(Task material)

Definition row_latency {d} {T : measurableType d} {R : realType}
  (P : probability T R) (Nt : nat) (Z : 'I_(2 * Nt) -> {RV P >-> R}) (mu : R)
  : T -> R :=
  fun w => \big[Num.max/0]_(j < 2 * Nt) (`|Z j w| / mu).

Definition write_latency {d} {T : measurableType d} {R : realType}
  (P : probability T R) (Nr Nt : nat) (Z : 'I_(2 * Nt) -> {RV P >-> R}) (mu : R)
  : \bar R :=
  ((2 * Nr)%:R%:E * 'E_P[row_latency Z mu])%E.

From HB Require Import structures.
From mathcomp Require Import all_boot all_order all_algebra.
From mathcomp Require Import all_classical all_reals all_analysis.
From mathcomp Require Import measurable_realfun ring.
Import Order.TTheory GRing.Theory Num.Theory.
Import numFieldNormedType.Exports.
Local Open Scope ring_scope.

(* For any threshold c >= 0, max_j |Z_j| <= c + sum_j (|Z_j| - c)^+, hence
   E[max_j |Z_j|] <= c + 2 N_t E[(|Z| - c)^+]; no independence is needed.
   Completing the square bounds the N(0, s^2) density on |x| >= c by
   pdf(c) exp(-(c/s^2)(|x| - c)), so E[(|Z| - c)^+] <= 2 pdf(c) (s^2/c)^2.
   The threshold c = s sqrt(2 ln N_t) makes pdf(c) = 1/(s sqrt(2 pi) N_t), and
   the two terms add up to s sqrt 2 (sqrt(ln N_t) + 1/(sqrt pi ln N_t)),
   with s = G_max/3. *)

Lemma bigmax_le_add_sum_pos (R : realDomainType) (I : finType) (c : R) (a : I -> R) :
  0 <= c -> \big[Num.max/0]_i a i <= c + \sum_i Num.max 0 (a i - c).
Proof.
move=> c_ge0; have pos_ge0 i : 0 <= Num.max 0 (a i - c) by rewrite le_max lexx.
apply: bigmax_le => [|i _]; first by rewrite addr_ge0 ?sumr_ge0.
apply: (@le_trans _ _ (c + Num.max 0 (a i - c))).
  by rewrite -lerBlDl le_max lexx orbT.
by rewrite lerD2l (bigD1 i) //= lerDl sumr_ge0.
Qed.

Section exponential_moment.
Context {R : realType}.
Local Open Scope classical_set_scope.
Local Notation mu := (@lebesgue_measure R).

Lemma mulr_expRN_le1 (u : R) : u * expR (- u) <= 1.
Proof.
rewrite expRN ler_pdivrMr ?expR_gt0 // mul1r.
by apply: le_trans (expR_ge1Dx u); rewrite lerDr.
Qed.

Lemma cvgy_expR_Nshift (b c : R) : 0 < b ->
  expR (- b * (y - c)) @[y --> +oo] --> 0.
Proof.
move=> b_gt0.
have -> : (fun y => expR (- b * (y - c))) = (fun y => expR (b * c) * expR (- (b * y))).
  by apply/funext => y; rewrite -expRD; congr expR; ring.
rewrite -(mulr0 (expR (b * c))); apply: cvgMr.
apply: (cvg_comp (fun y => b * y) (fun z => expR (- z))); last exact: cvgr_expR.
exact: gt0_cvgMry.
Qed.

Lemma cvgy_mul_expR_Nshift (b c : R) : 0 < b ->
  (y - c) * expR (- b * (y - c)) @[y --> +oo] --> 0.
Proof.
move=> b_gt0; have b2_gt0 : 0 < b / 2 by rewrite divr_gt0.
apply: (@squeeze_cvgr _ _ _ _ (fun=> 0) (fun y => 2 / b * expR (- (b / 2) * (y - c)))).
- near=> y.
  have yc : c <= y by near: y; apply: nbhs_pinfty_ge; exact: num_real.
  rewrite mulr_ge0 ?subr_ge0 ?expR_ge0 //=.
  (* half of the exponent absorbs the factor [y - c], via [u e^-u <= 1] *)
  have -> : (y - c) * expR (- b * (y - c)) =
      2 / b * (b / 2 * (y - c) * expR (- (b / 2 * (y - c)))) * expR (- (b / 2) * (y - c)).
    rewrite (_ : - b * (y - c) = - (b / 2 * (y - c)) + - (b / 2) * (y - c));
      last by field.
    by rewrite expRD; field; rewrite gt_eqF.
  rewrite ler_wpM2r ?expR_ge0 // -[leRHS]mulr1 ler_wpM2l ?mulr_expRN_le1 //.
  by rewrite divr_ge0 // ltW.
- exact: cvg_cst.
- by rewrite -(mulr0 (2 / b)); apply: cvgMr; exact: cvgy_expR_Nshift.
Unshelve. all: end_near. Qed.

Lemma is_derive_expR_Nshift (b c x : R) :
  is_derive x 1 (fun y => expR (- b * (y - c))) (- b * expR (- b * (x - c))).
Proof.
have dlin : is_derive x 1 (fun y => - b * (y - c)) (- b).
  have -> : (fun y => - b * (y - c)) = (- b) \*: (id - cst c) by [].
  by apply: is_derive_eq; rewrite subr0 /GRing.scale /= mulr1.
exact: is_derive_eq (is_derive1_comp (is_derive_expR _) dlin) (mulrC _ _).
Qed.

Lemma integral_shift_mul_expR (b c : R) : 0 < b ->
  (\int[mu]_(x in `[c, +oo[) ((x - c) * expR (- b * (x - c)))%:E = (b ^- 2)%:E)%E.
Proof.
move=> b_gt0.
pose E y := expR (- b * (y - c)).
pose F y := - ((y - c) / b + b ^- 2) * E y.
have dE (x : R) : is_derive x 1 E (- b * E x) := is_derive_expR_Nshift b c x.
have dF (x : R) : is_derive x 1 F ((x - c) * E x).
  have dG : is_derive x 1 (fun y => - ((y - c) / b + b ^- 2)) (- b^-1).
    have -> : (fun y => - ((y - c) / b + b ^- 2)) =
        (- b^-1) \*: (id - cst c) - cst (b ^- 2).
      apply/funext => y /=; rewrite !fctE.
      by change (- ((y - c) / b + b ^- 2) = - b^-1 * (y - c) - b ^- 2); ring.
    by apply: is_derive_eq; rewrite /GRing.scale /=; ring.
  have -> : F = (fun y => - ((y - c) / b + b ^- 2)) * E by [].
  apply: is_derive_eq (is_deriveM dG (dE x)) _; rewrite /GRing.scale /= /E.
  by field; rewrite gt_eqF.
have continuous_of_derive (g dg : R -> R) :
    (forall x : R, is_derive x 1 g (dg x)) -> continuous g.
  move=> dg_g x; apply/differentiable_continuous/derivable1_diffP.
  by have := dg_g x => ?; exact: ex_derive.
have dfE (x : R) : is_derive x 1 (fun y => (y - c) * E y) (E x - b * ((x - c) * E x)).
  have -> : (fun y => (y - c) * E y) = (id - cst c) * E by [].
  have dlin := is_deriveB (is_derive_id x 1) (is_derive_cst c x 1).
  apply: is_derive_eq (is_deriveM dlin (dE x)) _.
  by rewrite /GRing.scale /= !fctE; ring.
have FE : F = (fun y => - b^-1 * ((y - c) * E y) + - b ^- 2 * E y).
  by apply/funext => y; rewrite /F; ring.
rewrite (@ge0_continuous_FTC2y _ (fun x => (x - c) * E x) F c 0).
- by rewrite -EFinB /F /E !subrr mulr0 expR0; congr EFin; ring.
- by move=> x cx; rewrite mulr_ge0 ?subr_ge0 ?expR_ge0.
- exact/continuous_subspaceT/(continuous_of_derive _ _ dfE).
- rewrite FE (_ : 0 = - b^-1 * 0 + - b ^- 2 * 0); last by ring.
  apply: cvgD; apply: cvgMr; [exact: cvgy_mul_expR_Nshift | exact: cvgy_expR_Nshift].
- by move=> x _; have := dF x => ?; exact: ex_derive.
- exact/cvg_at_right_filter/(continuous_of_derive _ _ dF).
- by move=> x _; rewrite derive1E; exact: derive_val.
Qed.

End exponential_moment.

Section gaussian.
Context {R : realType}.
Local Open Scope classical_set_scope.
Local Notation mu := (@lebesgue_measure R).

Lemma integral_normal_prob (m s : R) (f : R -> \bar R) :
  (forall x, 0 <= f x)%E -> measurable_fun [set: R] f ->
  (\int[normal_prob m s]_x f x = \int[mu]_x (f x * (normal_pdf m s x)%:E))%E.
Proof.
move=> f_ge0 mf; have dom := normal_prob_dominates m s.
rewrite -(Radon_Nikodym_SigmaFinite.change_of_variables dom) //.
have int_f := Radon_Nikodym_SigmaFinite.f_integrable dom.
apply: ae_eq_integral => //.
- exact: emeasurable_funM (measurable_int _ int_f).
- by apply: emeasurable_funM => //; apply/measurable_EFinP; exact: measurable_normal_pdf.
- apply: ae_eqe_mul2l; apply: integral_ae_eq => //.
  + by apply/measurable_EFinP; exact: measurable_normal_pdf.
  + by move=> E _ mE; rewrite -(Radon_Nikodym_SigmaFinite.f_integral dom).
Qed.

(End Task material)

Match on "forall" and copy out every line of the entries that contains it.

> _Task result_:
    (forall x : R, is_derive x 1 g (dg x)) -> continuous g.
  (forall x, 0 <= f x)%E -> measurable_fun [set: R] f ->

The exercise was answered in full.